To do
Could you set down exactly the lines of the data below, starting at the one that holds "have -> : expmx_coef" and ending at the one that holds "rewrite (_ : - s", both included, and only those?

Given information
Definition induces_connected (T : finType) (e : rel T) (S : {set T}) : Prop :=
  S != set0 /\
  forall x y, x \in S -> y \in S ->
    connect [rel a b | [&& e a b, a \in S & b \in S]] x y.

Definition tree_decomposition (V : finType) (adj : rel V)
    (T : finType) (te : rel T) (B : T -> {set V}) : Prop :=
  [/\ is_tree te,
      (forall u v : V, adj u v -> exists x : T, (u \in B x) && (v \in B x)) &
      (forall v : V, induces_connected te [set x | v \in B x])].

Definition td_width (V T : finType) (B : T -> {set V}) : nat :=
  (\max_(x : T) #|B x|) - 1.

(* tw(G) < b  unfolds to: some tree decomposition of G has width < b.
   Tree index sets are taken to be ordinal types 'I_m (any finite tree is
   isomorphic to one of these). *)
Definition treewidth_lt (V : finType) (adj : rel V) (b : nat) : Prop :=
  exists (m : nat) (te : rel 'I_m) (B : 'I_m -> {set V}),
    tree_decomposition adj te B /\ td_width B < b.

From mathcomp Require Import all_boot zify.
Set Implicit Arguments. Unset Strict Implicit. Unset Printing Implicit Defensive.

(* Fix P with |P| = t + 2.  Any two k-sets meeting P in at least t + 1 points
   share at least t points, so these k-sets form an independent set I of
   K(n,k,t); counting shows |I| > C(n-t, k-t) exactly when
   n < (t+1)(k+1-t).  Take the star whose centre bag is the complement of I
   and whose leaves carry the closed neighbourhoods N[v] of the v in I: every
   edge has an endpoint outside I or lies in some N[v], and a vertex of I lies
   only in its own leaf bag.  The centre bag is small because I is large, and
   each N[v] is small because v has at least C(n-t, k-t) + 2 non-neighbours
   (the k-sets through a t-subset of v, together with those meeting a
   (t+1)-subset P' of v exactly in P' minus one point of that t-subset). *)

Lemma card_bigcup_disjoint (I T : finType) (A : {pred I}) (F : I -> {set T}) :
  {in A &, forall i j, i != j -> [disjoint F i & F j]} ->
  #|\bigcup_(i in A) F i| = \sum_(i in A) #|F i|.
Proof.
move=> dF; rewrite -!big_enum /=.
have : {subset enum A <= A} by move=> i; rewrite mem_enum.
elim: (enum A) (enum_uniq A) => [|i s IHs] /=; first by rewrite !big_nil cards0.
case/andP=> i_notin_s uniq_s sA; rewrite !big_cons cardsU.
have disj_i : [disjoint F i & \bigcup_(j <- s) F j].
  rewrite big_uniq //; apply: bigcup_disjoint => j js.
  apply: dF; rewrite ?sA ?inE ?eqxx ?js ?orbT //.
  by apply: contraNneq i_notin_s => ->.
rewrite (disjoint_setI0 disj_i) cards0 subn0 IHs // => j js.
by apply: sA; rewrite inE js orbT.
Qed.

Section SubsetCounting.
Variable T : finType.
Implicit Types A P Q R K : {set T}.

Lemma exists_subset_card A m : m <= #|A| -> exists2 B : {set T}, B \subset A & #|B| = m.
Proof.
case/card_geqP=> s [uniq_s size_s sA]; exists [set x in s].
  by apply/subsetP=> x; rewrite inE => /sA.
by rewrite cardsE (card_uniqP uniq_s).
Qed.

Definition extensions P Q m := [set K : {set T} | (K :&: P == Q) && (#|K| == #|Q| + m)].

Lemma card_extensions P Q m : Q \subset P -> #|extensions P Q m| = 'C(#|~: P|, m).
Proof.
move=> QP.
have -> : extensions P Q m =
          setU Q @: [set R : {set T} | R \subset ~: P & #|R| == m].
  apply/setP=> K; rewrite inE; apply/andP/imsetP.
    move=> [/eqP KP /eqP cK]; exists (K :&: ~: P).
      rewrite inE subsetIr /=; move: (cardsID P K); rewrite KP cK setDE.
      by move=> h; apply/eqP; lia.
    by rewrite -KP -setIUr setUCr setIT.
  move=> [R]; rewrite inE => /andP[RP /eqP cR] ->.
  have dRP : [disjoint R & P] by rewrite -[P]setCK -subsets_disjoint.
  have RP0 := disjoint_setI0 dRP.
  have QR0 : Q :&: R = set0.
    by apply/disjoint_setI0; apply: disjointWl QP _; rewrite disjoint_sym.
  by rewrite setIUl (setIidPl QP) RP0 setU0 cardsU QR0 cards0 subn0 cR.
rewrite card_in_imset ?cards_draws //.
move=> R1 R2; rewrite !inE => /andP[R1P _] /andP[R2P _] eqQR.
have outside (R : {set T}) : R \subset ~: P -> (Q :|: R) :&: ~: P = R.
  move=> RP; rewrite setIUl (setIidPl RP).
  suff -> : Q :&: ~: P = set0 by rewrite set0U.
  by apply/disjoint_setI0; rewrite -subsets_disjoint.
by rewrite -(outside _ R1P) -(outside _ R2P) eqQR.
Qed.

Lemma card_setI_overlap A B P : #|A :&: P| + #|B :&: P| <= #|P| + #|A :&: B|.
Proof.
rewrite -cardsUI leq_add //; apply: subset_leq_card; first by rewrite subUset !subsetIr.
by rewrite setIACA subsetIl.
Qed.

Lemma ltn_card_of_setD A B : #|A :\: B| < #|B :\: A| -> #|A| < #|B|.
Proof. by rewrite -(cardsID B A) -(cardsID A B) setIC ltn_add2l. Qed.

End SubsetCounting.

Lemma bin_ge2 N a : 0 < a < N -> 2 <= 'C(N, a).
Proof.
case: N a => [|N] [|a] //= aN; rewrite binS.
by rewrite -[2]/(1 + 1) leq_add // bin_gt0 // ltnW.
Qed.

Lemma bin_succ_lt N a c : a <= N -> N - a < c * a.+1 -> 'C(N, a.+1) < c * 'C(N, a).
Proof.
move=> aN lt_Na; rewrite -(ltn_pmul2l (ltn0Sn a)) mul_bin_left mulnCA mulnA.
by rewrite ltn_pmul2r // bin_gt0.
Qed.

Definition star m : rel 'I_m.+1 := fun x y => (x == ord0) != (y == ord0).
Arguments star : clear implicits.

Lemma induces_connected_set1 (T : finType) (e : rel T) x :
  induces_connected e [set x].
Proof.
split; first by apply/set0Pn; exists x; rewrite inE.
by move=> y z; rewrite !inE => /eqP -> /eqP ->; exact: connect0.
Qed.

---

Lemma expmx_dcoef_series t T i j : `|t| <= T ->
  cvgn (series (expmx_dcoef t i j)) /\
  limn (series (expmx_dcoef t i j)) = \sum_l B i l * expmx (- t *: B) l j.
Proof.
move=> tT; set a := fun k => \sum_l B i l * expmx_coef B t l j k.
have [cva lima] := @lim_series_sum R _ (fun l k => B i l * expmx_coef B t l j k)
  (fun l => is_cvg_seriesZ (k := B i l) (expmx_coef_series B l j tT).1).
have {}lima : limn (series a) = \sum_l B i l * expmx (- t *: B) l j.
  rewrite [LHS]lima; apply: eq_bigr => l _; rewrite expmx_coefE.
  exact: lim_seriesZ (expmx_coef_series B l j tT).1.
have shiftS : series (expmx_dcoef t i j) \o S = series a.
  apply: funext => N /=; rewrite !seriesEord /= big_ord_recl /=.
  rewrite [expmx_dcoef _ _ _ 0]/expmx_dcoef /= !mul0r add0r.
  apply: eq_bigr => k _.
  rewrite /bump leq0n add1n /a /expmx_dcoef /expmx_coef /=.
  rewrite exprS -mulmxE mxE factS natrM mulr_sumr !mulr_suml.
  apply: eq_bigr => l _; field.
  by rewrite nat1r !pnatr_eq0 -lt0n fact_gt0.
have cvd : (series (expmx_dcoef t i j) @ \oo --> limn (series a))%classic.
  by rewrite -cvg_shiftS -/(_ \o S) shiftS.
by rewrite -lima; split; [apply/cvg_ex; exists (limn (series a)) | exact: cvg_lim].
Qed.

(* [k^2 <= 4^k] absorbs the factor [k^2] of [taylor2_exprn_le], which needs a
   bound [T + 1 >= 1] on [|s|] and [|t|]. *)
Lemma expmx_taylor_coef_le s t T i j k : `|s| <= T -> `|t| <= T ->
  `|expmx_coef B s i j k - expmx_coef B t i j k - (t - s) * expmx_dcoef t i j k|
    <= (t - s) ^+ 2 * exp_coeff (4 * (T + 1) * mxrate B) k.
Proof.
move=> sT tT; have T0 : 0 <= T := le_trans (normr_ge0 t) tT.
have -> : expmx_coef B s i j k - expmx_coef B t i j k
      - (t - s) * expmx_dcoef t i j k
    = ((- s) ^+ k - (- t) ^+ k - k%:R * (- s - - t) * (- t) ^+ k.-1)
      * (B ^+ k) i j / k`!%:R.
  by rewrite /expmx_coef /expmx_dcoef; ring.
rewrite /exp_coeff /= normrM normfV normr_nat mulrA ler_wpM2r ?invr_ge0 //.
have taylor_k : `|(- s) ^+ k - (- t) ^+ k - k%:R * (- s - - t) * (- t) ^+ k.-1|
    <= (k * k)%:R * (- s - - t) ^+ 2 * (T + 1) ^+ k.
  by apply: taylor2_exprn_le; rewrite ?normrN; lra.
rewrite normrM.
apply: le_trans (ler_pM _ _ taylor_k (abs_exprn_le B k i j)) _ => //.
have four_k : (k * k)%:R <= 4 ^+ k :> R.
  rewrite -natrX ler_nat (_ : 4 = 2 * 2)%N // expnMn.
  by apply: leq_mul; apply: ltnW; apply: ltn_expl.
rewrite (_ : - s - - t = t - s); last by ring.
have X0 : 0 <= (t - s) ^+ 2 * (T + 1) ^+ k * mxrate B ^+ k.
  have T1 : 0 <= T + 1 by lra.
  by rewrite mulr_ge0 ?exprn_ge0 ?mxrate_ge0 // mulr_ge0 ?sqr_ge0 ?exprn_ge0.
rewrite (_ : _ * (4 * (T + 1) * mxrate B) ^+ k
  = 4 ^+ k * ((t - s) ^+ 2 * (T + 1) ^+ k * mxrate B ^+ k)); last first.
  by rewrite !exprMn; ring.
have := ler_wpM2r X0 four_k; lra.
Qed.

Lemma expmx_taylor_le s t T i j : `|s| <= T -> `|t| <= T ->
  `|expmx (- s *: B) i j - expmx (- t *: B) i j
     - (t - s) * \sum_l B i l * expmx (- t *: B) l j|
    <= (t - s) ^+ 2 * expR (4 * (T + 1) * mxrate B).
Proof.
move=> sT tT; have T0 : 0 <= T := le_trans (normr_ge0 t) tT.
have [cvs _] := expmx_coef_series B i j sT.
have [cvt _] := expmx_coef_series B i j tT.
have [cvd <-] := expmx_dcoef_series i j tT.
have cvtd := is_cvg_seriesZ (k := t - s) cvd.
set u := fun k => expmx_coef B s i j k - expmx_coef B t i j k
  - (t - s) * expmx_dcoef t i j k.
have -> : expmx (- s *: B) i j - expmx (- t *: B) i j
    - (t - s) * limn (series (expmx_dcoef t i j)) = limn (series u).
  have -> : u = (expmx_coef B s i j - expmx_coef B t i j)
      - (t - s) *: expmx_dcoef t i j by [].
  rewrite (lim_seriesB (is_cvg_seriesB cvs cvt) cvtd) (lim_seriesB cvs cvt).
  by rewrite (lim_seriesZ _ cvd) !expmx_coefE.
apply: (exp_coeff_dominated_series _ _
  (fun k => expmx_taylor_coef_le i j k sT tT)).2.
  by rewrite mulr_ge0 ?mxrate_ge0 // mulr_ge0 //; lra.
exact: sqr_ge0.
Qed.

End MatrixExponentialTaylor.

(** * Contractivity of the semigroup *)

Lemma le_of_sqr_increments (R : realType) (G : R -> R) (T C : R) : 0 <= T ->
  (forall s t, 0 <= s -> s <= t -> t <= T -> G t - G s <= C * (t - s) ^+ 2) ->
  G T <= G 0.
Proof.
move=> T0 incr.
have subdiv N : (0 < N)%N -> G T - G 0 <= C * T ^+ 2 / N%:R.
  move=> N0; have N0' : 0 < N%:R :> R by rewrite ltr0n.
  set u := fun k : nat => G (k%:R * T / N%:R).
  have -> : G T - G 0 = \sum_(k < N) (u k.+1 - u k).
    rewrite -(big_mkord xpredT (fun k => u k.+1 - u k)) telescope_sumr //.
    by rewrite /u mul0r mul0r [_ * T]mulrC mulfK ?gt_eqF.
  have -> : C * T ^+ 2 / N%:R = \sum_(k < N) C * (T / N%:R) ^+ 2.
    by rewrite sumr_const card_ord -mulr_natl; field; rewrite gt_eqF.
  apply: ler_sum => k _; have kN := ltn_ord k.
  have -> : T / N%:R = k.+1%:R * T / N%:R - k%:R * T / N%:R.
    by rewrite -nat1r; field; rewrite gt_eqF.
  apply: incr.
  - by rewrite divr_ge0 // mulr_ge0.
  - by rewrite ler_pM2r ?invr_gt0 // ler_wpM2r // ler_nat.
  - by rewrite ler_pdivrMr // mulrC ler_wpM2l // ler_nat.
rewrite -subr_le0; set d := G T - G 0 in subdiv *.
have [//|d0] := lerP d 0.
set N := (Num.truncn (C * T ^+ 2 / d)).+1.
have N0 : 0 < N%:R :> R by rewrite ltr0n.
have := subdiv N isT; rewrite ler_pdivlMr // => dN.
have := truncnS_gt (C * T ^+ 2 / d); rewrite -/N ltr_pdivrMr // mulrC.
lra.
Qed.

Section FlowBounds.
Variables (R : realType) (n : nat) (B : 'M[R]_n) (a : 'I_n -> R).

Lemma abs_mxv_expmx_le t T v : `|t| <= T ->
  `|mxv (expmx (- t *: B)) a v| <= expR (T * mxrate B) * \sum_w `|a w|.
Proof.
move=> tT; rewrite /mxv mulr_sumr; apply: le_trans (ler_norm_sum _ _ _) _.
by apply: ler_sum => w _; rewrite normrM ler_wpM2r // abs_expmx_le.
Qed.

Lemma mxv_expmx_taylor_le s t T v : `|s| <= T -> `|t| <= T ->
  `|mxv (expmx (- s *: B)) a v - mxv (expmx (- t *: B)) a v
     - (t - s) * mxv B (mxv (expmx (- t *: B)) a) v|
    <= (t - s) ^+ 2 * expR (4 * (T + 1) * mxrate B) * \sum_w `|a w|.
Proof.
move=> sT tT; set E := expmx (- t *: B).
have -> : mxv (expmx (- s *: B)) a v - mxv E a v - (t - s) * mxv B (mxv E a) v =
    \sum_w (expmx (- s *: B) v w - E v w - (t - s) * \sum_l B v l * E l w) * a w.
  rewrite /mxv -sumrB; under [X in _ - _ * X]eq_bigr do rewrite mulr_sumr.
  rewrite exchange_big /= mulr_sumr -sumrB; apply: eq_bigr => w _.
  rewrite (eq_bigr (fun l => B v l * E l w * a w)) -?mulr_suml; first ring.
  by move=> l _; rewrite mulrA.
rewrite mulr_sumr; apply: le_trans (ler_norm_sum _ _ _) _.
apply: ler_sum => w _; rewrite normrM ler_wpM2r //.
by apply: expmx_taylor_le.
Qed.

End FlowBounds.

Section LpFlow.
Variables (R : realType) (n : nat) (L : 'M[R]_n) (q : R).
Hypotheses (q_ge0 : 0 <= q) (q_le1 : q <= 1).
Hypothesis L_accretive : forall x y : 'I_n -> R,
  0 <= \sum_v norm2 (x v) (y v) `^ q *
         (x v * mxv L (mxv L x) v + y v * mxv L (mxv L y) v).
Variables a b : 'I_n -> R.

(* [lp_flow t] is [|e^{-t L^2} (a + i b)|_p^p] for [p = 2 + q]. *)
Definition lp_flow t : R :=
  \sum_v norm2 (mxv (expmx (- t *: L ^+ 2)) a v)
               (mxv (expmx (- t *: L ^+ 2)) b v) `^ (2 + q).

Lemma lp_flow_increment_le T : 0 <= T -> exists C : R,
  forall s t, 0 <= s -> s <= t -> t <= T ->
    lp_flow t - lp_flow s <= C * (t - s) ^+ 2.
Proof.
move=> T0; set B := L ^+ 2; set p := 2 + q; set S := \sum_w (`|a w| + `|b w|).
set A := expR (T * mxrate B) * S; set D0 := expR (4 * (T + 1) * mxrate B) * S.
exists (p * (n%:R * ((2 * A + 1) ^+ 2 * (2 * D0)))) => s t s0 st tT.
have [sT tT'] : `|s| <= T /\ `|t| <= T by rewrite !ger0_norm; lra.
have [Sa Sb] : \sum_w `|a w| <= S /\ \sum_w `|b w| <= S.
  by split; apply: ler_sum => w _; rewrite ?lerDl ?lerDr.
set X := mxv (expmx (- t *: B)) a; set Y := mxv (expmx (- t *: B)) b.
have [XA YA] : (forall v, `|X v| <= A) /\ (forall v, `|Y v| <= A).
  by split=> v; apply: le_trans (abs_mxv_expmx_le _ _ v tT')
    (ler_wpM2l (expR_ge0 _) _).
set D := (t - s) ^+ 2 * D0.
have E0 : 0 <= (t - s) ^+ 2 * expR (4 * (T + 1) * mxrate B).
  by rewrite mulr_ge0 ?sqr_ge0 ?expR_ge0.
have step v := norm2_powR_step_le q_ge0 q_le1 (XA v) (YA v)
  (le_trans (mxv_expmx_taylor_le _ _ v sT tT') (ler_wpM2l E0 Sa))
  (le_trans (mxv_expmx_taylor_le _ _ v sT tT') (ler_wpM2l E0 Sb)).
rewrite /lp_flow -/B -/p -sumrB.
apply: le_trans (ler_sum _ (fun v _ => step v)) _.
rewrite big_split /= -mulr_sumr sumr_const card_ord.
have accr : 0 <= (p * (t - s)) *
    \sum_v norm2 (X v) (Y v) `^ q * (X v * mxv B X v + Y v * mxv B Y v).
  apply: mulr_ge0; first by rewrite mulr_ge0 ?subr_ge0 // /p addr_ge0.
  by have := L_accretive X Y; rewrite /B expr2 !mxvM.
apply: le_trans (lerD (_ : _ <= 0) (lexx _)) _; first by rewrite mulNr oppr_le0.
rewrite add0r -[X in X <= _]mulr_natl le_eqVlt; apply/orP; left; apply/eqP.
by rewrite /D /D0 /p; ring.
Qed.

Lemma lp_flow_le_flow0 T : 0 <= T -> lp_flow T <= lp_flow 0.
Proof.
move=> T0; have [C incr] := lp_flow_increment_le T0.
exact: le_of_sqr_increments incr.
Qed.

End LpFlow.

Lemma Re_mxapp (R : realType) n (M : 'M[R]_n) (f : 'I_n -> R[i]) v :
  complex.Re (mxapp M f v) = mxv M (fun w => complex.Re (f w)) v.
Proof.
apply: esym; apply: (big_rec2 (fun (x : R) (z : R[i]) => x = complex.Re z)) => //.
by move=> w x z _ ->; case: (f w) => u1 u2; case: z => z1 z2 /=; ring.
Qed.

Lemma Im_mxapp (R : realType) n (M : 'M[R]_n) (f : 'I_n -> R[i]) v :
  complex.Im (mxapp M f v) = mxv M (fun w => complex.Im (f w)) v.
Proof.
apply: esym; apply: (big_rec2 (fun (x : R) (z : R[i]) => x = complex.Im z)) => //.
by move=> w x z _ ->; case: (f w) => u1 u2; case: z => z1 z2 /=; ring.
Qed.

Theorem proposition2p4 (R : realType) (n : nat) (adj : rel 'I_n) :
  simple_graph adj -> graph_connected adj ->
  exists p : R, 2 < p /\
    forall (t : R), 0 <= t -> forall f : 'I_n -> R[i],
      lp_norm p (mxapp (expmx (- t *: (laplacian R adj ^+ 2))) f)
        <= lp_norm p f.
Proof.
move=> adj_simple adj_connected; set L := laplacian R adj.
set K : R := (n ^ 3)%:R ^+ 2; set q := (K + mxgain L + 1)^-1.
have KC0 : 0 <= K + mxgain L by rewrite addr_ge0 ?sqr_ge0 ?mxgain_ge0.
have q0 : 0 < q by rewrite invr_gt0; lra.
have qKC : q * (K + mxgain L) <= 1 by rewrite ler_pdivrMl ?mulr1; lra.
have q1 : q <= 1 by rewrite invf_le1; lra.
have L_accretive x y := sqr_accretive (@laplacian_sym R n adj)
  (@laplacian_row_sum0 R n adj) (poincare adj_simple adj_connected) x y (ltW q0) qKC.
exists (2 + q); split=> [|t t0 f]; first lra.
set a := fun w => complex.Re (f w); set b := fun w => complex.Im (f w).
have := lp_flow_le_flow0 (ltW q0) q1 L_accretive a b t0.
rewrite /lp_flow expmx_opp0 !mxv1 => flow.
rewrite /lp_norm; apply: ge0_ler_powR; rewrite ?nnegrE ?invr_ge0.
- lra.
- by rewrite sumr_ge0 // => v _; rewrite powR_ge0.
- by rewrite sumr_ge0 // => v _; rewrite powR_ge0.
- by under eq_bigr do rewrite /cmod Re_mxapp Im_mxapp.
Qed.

...

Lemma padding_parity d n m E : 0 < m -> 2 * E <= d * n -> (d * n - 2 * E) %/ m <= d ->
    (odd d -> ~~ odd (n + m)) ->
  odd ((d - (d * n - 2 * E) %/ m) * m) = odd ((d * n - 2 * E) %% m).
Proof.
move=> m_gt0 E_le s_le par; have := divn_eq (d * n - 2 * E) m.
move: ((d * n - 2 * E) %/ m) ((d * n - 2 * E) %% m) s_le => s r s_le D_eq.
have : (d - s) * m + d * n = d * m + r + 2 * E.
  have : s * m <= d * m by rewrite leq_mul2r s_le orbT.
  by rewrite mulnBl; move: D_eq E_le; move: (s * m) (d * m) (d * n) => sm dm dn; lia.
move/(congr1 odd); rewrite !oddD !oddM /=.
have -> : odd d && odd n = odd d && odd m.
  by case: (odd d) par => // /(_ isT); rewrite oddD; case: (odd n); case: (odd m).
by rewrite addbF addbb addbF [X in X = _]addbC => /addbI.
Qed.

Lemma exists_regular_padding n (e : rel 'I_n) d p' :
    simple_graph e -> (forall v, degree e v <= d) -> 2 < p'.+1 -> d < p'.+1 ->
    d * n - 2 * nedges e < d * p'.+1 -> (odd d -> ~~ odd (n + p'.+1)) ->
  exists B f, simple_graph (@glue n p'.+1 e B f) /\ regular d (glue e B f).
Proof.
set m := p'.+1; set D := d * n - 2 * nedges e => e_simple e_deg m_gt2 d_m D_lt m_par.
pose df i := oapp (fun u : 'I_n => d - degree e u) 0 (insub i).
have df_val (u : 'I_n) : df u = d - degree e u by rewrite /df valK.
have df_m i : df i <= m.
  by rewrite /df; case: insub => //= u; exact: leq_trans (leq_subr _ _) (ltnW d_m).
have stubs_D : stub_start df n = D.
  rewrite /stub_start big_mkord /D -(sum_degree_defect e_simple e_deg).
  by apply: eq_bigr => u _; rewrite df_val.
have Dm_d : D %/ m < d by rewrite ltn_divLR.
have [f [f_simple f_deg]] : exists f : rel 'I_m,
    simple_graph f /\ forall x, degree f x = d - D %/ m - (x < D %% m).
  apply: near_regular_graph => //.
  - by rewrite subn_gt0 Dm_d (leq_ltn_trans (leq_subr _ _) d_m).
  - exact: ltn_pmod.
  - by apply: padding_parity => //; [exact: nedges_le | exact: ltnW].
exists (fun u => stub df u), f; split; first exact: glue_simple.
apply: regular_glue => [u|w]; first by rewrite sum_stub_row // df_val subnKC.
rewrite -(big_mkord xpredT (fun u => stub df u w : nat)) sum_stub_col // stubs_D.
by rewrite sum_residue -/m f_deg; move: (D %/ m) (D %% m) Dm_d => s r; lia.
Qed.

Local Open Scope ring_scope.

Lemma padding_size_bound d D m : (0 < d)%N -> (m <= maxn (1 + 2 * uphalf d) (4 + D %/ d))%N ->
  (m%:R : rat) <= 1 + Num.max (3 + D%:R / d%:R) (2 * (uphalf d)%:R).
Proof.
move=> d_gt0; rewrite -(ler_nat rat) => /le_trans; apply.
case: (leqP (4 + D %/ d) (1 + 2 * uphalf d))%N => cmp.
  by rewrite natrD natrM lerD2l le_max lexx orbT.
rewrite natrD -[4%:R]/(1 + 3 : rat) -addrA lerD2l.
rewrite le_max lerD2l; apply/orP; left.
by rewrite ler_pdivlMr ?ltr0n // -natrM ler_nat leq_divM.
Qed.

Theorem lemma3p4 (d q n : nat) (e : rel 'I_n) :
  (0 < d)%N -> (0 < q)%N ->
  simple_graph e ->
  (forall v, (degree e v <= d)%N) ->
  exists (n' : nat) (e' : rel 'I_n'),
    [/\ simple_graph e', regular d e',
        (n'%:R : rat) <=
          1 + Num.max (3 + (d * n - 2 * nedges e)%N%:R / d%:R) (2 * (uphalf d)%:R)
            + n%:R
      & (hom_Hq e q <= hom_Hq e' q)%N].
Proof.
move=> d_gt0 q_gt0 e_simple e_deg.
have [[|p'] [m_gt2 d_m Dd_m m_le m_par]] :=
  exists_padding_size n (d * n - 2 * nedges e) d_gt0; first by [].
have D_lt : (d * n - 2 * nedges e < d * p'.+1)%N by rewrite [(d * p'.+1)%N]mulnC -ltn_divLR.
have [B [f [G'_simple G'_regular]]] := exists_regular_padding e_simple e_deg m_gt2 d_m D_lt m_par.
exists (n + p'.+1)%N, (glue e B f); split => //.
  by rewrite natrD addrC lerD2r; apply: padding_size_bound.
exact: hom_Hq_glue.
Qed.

Result for this exercise
have -> : expmx_coef B s i j k - expmx_coef B t i j k
      - (t - s) * expmx_dcoef t i j k
    = ((- s) ^+ k - (- t) ^+ k - k%:R * (- s - - t) * (- t) ^+ k.-1)
      * (B ^+ k) i j / k`!%:R.
  by rewrite /expmx_coef /expmx_dcoef; ring.
rewrite /exp_coeff /= normrM normfV normr_nat mulrA ler_wpM2r ?invr_ge0 //.
have taylor_k : `|(- s) ^+ k - (- t) ^+ k - k%:R * (- s - - t) * (- t) ^+ k.-1|
    <= (k * k)%:R * (- s - - t) ^+ 2 * (T + 1) ^+ k.
  by apply: taylor2_exprn_le; rewrite ?normrN; lra.
rewrite normrM.
apply: le_trans (ler_pM _ _ taylor_k (abs_exprn_le B k i j)) _ => //.
have four_k : (k * k)%:R <= 4 ^+ k :> R.
  rewrite -natrX ler_nat (_ : 4 = 2 * 2)%N // expnMn.
  by apply: leq_mul; apply: ltnW; apply: ltn_expl.
rewrite (_ : - s - - t = t - s); last by ring.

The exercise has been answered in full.